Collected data
(* The family $\mathcal{FG}$ of functionally generated portfolio maps, with the topology of uniform convergence (supremum metric), is not totally bounded; in fact it is not separable.
   Context: $n\ge2$; $\Delta_n=\{p\in(0,1)^n:\sum p_i=1\}$, $\overline{\Delta}_n$ its closure. A map $\pi:\Delta_n\to\overline{\Delta}_n$ is functionally generated if there is a concave $\Phi:\Delta_n\to(0,\infty)$ with $\sum_i\pi_i(p)\frac{q_i}{p_i}\ge\frac{\Phi(q)}{\Phi(p)}$ for all $p,q\in\Delta_n$. The metric is $\|\pi-\eta\|_\infty=\sup_{p\in\Delta_n}|\pi(p)-\eta(p)|$. *)

From HB Require Import structures.
From mathcomp Require Import all_boot all_order all_algebra.
From mathcomp Require Import classical_sets reals.
Set Implicit Arguments. Unset Strict Implicit. Unset Printing Implicit Defensive.
Import Order.TTheory GRing.Theory Num.Theory.
Local Open Scope classical_set_scope.
Local Open Scope ring_scope.

Definition open_simplex (R : realType) (n : nat) (p : 'I_n -> R) : Prop :=
  (forall i, 0 < p i /\ p i < 1) /\ \sum_(i < n) p i = 1.

Definition closed_simplex (R : realType) (n : nat) (p : 'I_n -> R) : Prop :=
  (forall i, 0 <= p i) /\ \sum_(i < n) p i = 1.

Definition eucl_dist (R : realType) (n : nat) (x y : 'I_n -> R) : R :=
  Num.sqrt (\sum_(i < n) (x i - y i) ^+ 2).

(* A portfolio map pi : Delta_n -> closure(Delta_n); only its values on
   Delta_n matter. *)
Definition portfolio_map (R : realType) (n : nat)
  (pi : ('I_n -> R) -> ('I_n -> R)) : Prop :=
  forall p, open_simplex p -> closed_simplex (pi p).

Definition pos_concave_on_simplex (R : realType) (n : nat)
  (Phi : ('I_n -> R) -> R) : Prop :=
  (forall p, open_simplex p -> 0 < Phi p) /\
  (forall p q (t : R), open_simplex p -> open_simplex q -> 0 <= t -> t <= 1 ->
     t * Phi p + (1 - t) * Phi q <= Phi (fun i => t * p i + (1 - t) * q i)).

Definition functionally_generated (R : realType) (n : nat)
  (pi : ('I_n -> R) -> ('I_n -> R)) : Prop :=
  portfolio_map pi /\
  exists Phi : ('I_n -> R) -> R, pos_concave_on_simplex Phi /\
    forall p q, open_simplex p -> open_simplex q ->
      Phi q / Phi p <= \sum_(i < n) pi p i * (q i / p i).

Definition sup_dist (R : realType) (n : nat)
  (pi eta : ('I_n -> R) -> ('I_n -> R)) : R :=
  sup [set eucl_dist (pi p) (eta p) | p in [set p | open_simplex p]].

Definition FG_totally_bounded (R : realType) (n : nat) : Prop :=
  forall eps : R, 0 < eps ->
    exists (k : nat) (c : 'I_k -> (('I_n -> R) -> ('I_n -> R))),
      (forall j, functionally_generated (c j)) /\
      forall pi, functionally_generated pi ->
        exists j, sup_dist pi (c j) < eps.

(* Separability of FG in the sup metric: a countable (nat-indexed) subset of
   FG that is dense in FG. (FG is nonempty, so indexing by nat is general.) *)
Definition FG_separable (R : realType) (n : nat) : Prop :=
  exists f : nat -> (('I_n -> R) -> ('I_n -> R)),
    (forall k, functionally_generated (f k)) /\
    forall pi, functionally_generated pi ->
      forall eps : R, 0 < eps -> exists k, sup_dist pi (f k) < eps.

From mathcomp Require Import all_boot all_order all_algebra.
From mathcomp Require Import classical_sets boolp reals.
From mathcomp Require Import ring lra.
Set Implicit Arguments. Unset Strict Implicit. Unset Printing Implicit Defensive.
Import Order.TTheory GRing.Theory Num.Theory.
Local Open Scope ring_scope.

(* Let Phi be the pointwise minimum on the simplex of the linear forms
   2^k q_1 + 2^-k (1 - q_1), k in nat.  The gradient of any form active at p
   is a portfolio generated by Phi.  At the points where two consecutive forms
   are both active we may choose either one, which makes pi_1 equal to 1/3 or
   2/3 there.  Choosing along a binary sequence s gives uncountably many
   functionally generated portfolios, pairwise at sup-distance at least 1/3,
   so no countable family (a fortiori no finite 1/6-net) approximates them. *)

Section MinOfLinearForms.
Variables (R : realType) (n : nat) (I : Type) (c : I -> 'I_n -> R).
Hypothesis c_gt0 : forall k i, 0 < c k i.

Definition linform (k : I) (q : 'I_n -> R) : R := \sum_i c k i * q i.

Lemma linform_gt0 k q : open_simplex q -> 0 < linform k q.
Proof.
move=> [hq hs]; have hge i : 0 <= c k i * q i by rewrite mulr_ge0 ?ltW ?(hq i).1.
rewrite lt0r sumr_ge0 ?andbT //; apply/eqP => /(psumr_eq0P (fun i _ => hge i)) h0.
suff : \sum_(i < n) q i = 0 by rewrite hs; apply/eqP; rewrite oner_eq0.
apply: big1 => i _; have /eqP := h0 i isT.
by rewrite mulf_eq0 gt_eqF ?(hq i).1 //= => /eqP.
Qed.

Lemma linform_convex k (t : R) p q :
  linform k (fun i => t * p i + (1 - t) * q i) = t * linform k p + (1 - t) * linform k q.
Proof. by rewrite /linform !mulr_sumr -big_split; apply: eq_bigr => i _ /=; ring. Qed.

Variable K : ('I_n -> R) -> I.
Hypothesis K_min : forall q k, open_simplex q -> linform (K q) q <= linform k q.

Definition min_linear_portfolio (p : 'I_n -> R) (i : 'I_n) : R :=
  p i * c (K p) i / linform (K p) p.

Lemma min_linear_portfolio_map : portfolio_map min_linear_portfolio.
Proof.
move=> p hp; have hl := linform_gt0 (K p) hp; split=> [i|].
  by rewrite divr_ge0 ?ltW // mulr_gt0 ?(hp.1 i).1.
rewrite -mulr_suml (eq_bigr (fun i => c (K p) i * p i)) => [|i _]; last exact: mulrC.
by rewrite divff ?gt_eqF.
Qed.

(* Phi q := linform (K q) q is concave as a minimum of linear forms. *)
Lemma min_linear_portfolio_generated : functionally_generated min_linear_portfolio.
Proof.
split; first exact: min_linear_portfolio_map.
exists (fun q => linform (K q) q); split.
  split=> [p hp|p q t hp hq t0 t1]; first exact: linform_gt0.
  rewrite linform_convex lerD // ler_wpM2l ?subr_ge0 //; exact: K_min.
move=> p q hp hq; have hl := linform_gt0 (K p) hp.
have -> : \sum_(i < n) min_linear_portfolio p i * (q i / p i) =
          linform (K p) q / linform (K p) p.
  set L := linform (K p) p in hl *.
  rewrite /min_linear_portfolio -/L {1}/linform mulr_suml; apply: eq_bigr => i _.
  by have := (hp.1 i).1 => hpi; field; rewrite !gt_eqF.
by apply: ler_wpM2r; [rewrite invr_ge0 ltW | exact: K_min].
Qed.

End MinOfLinearForms.

Section SupDistance.
Variables (R : realType) (n : nat).
Local Open Scope classical_set_scope.

Lemma closed_simplex_le1 (x : 'I_n -> R) i : closed_simplex x -> x i <= 1.
Proof. by move=> [h0 <-]; rewrite (bigD1 i) //= lerDl sumr_ge0. Qed.

Lemma coord_le_eucl_dist (x y : 'I_n -> R) i : `|x i - y i| <= eucl_dist x y.
Proof.
rewrite /eucl_dist -sqrtr_sqr ler_sqrt ?sumr_ge0 // => [|j _]; last exact: sqr_ge0.
by rewrite (bigD1 i) //= lerDl sumr_ge0 // => j _; rewrite sqr_ge0.
Qed.

Lemma eucl_dist_closed_simplex_le (x y : 'I_n -> R) :
  closed_simplex x -> closed_simplex y -> eucl_dist x y <= Num.sqrt n%:R.
Proof.
move=> hx hy; rewrite /eucl_dist ler_sqrt // -[n in n%:R]card_ord -sumr_const.
apply: ler_sum => i _; have := closed_simplex_le1 i hx; have := closed_simplex_le1 i hy.
by have := hx.1 i; have := hy.1 i; nra.
Qed.

Lemma coord_le_sup_dist (eta xi : ('I_n -> R) -> ('I_n -> R)) p i :
  portfolio_map eta -> portfolio_map xi -> open_simplex p ->
  `|eta p i - xi p i| <= sup_dist eta xi.
Proof.
move=> heta hxi hp; apply: le_trans (coord_le_eucl_dist _ _ i) _.
apply: sup_upper_bound; last by exists p.
split; first by exists (eucl_dist (eta p) (xi p)), p.
exists (Num.sqrt n%:R) => _ [q hq <-].
exact: eucl_dist_closed_simplex_le (heta q hq) (hxi q hq).
Qed.

End SupDistance.

Lemma bool_seq_nat_not_injective (g : (nat -> bool) -> nat) : ~ injective g.
Proof.
move=> g_inj; pose d m := `[< exists s, g s = m /\ ~~ s m >].
have [hd|hd] := boolP (d (g d)).
  by move/asboolP: (hd) => [s [/g_inj -> /negP]].
by move/negP: (hd); apply; apply/asboolP; exists d.
Qed.

Lemma nat_seq_min_attained (R : realType) (u : nat -> R) (N : nat) :
  (forall j, (N < j)%N -> u 0%N <= u j) -> exists k, forall j, u k <= u j.
Proof.
move=> u_tail; pose k := [arg min_(i < (ord0 : 'I_N.+1)) u i]%O.
have k_min j : (j <= N)%N -> u k <= u j.
  rewrite /k; case: arg_minP => // i _ hi hj.
  by have := hi (Ordinal (hj : (j < N.+1)%N)) isT.
exists k => j; have [jN|Nj] := leqP j N; first exact: k_min.
exact: le_trans (k_min 0%N isT) (u_tail j Nj).
Qed.

Section SwitchingPortfolios.
Variables (R : realType) (n : nat) (i0 : 'I_n).

Definition coef (k : nat) (i : 'I_n) : R := if i == i0 then 2 ^+ k else 2 ^- k.

Lemma coef_gt0 k i : 0 < coef k i.
Proof. by rewrite /coef; case: eqP; rewrite ?invr_gt0 exprn_gt0. Qed.

Definition tilt (k : nat) (a : R) : R := 2 ^+ k * a + 2 ^- k * (1 - a).

Lemma linform_coef k q : open_simplex q -> linform coef k q = tilt k (q i0).
Proof.
move=> [_ hs]; rewrite /linform (bigD1 i0) //= /coef eqxx; congr (_ + _).
move: hs; rewrite (bigD1 i0) //= => <-; rewrite addrC addrK mulr_sumr.
by apply: eq_bigr => i /negbTE ->.
Qed.

Lemma tilt_min_attained a : 0 < a -> a < 1 -> exists k, forall j, tilt k a <= tilt j a.
Proof.
move=> a_gt0 a_lt1; apply: (nat_seq_min_attained (N := Num.Def.archi_bound a^-1)) => j hj.
have a_inv_lt : a^-1 < j%:R.
  apply: lt_le_trans (archi_boundP _) _; first by rewrite invr_ge0 ltW.
  by rewrite ler_nat ltnW.
have j_le_pow : j%:R <= 2 ^+ j :> R by rewrite -natrX ler_nat ltnW // ltn_expl.
have pow_a_ge1 : 1 <= 2 ^+ j * a.
  have := ltW (lt_le_trans a_inv_lt j_le_pow).
  by rewrite -(ler_pM2r a_gt0) mulVf ?lt0r_neq0.
have : 0 <= 2 ^- j * (1 - a) :> R by rewrite mulr_ge0 ?invr_ge0 ?exprn_ge0 ?subr_ge0 ?ltW.
by rewrite /tilt expr0 invr1; lra.
Qed.

(* [tie m] is the point where [tilt m] and [tilt m.+1] cross:
   [1 - tie m = 2 * 4 ^ m * tie m]. *)
Definition tie (m : nat) : R := (1 + 2 * (2 ^+ m) ^+ 2)^-1.

Lemma tie_gt0 m : 0 < tie m.
Proof. by rewrite invr_gt0 addr_gt0 // mulr_gt0 // !exprn_gt0. Qed.

Lemma tie_lt1 m : tie m < 1.
Proof. by rewrite invf_lt1 ?ltrDl ?addr_gt0 // mulr_gt0 // !exprn_gt0. Qed.

Lemma one_sub_tie m : 1 - tie m = 2 * (2 ^+ m) ^+ 2 * tie m.
Proof.
have h : 0 < 1 + 2 * (2 ^+ m) ^+ 2 :> R by rewrite addr_gt0 // mulr_gt0 // !exprn_gt0.
by rewrite /tie; field; rewrite gt_eqF.
Qed.

Lemma tie_inj : injective tie.
Proof.
move=> m m' e; have two_gt1 : 1 < 2 :> R by rewrite ltr1n.
have e2 : (2 ^+ m) ^+ 2 = (2 ^+ m') ^+ 2 :> R.
  by move: e => /invr_inj /addrI /mulfI; apply; rewrite pnatr_eq0.
apply: (inc_inj (ler_eXn2l two_gt1)); apply/eqP.
by rewrite -(@eqrXn2 _ 2) ?exprn_ge0 ?e2 // ltW.
Qed.

Lemma tilt_tie m : tilt m (tie m) = 3 * 2 ^+ m * tie m.
Proof. by rewrite /tilt one_sub_tie; field; rewrite expf_neq0 ?pnatr_eq0. Qed.

Lemma tilt_tieS m : tilt m.+1 (tie m) = 3 * 2 ^+ m * tie m.
Proof. by rewrite /tilt one_sub_tie exprS; field; rewrite expf_neq0 ?pnatr_eq0. Qed.

(* No power of 2 lies strictly between [2 ^+ m] and [2 ^+ m.+1]. *)
Lemma tilt_tie_min m j : tilt m (tie m) <= tilt j (tie m).
Proof.
have [Pm Pj] : 0 < 2 ^+ m :> R /\ 0 < 2 ^+ j :> R by split; apply: exprn_gt0.
have t_gt0 := tie_gt0 m; have two_gt1 : 1 < 2 :> R by rewrite ltr1n.
rewrite -subr_ge0; have -> : tilt j (tie m) - tilt m (tie m) =
    tie m * (2 ^+ j - 2 ^+ m) * (2 ^+ j - 2 * 2 ^+ m) / 2 ^+ j.
  by rewrite /tilt one_sub_tie; field; rewrite ?expf_neq0 ?pnatr_eq0.
apply: divr_ge0 (ltW Pj); rewrite -mulrA; apply: mulr_ge0 (ltW t_gt0) _.
have [jm|mj] := leqP j m.
  have : 2 ^+ j <= 2 ^+ m :> R by rewrite ler_eXn2l.
  by move=> h; nra.
have : 2 ^+ m.+1 <= 2 ^+ j :> R by rewrite ler_eXn2l.
by rewrite exprS => h; nra.
Qed.

Definition tie_breaking_minimizer (s : nat -> bool) (q : 'I_n -> R) (k : nat) : Prop :=
  (forall j, linform coef k q <= linform coef j q) /\
  (forall m, q i0 = tie m -> k = (m + s m)%N).

Lemma tie_breaking_minimizer_exists s q :
  open_simplex q -> exists k, tie_breaking_minimizer s q k.
Proof.
move=> hq; have [a_gt0 a_lt1] := hq.1 i0.
have [[m hm]|no_tie] := pselect (exists m, q i0 = tie m).
  exists (m + s m)%N; split=> [j|m' hm']; last by rewrite (tie_inj (etrans (esym hm) hm')).
  rewrite !linform_coef // hm.
  by case: (s m); rewrite ?addn1 ?addn0 ?tilt_tieS -?tilt_tie; apply: tilt_tie_min.
have [k hk] := tilt_min_attained a_gt0 a_lt1.
exists k; split=> [j|m hm]; first by rewrite !linform_coef.
by case: no_tie; exists m.
Qed.

Definition tie_select (s : nat -> bool) (q : 'I_n -> R) : nat :=
  xget 0%N (tie_breaking_minimizer s q).

Lemma tie_selectP s q : open_simplex q -> tie_breaking_minimizer s q (tie_select s q).
Proof. by move=> hq; apply: xgetPex; apply: tie_breaking_minimizer_exists. Qed.

Definition switching_portfolio (s : nat -> bool) := min_linear_portfolio coef (tie_select s).

Lemma switching_portfolio_generated s : functionally_generated (switching_portfolio s).
Proof.
apply: min_linear_portfolio_generated => [k i|q k hq]; first exact: coef_gt0.
exact: (tie_selectP s hq).1.
Qed.

Hypothesis n_gt1 : (1 < n)%N.

Definition probe (m : nat) (i : 'I_n) : R :=
  if i == i0 then tie m else (1 - tie m) / (n.-1)%:R.

Lemma probe_open m : open_simplex (probe m).
Proof.
have [t_gt0 t_lt1] := (tie_gt0 m, tie_lt1 m).
have n1_ge1 : 1 <= (n.-1)%:R :> R by rewrite ler1n -ltnS prednK // ltnW.
split=> [i|].
  rewrite /probe; case: eqP => // _; split; first by rewrite divr_gt0 //; lra.
  by rewrite ltr_pdivrMr; [nra | lra].
rewrite (bigD1 i0) //= /probe eqxx.
rewrite (eq_bigr (fun _ => (1 - tie m) / (n.-1)%:R)) => [|i /negbTE -> //].
rewrite sumr_const -mulr_natr.
have -> : #|(fun i : 'I_n => i != i0)| = n.-1.
  by rewrite -[n in n.-1]card_ord -(cardC1 i0); apply: eq_card.
by field; lra.
Qed.

Lemma switching_portfolio_probe s m :
  switching_portfolio s (probe m) i0 = if s m then 2/3 else 1/3.
Proof.
have hq := probe_open m; have t_gt0 := tie_gt0 m.
rewrite /switching_portfolio /min_linear_portfolio.
have -> : tie_select s (probe m) = (m + s m)%N.
  by apply: (tie_selectP s hq).2; rewrite /probe eqxx.
rewrite linform_coef // /probe /coef eqxx.
case: (s m); rewrite ?addn1 ?addn0 ?tilt_tieS ?tilt_tie ?exprS;
  by field; rewrite lt0r_neq0 ?expf_neq0 ?pnatr_eq0.
Qed.

Lemma switching_portfolio_separated s s' xi : portfolio_map xi ->
  sup_dist (switching_portfolio s) xi < 1/6 ->
  sup_dist (switching_portfolio s') xi < 1/6 -> s = s'.
Proof.
move=> hxi hs hs'; apply: funext => m; have hq := probe_open m.
have near_s := le_lt_trans (coord_le_sup_dist i0
  (switching_portfolio_generated s).1 hxi hq) hs.
have near_s' := le_lt_trans (coord_le_sup_dist i0
  (switching_portfolio_generated s').1 hxi hq) hs'.
move: near_s near_s'; rewrite !switching_portfolio_probe !ltr_norml.
by case: (s m) (s' m) => [] [] // /andP[? ?] /andP[? ?]; lra.
Qed.

Lemma switching_portfolios_not_countably_approximable (I : Type) (idx : I -> nat)
    (c : I -> ('I_n -> R) -> ('I_n -> R)) :
  injective idx -> (forall i, portfolio_map (c i)) ->
  ~ (forall s, exists i, sup_dist (switching_portfolio s) (c i) < 1/6).
Proof.
move=> idx_inj hc /choice [pick hpick].
apply: (@bool_seq_nat_not_injective (fun s => idx (pick s))) => s s' /idx_inj e.
by apply: (switching_portfolio_separated (hc (pick s)) (hpick s)); rewrite e.
Qed.

End SwitchingPortfolios.

Theorem lemma4p2 (R : realType) (n : nat) (hn : (2 <= n)%N) :
  ~ FG_totally_bounded R n /\ ~ FG_separable R n.
Proof.
pose i0 : 'I_n := Ordinal (ltnW hn).
have sixth_gt0 : 0 < 1/6 :> R by rewrite divr_gt0.
have FG_switching := @switching_portfolio_generated R n i0.
split.
  move=> /(_ _ sixth_gt0) [k [c [hc hcov]]].
  apply: (switching_portfolios_not_countably_approximable (i0 := i0) hn
    (idx := val) val_inj (fun j => (hc j).1)).
  by move=> s; apply: hcov.
move=> [f [hf hdense]].
apply: (switching_portfolios_not_countably_approximable (i0 := i0) hn
  (idx := id) (fun _ _ => id) (fun k => (hf k).1)).
by move=> s; apply: hdense sixth_gt0.
Qed.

EXERCISE PROMPT>
After counting the lines of the records above that hold the word "first", give the total and nothing else.

RESULT>
8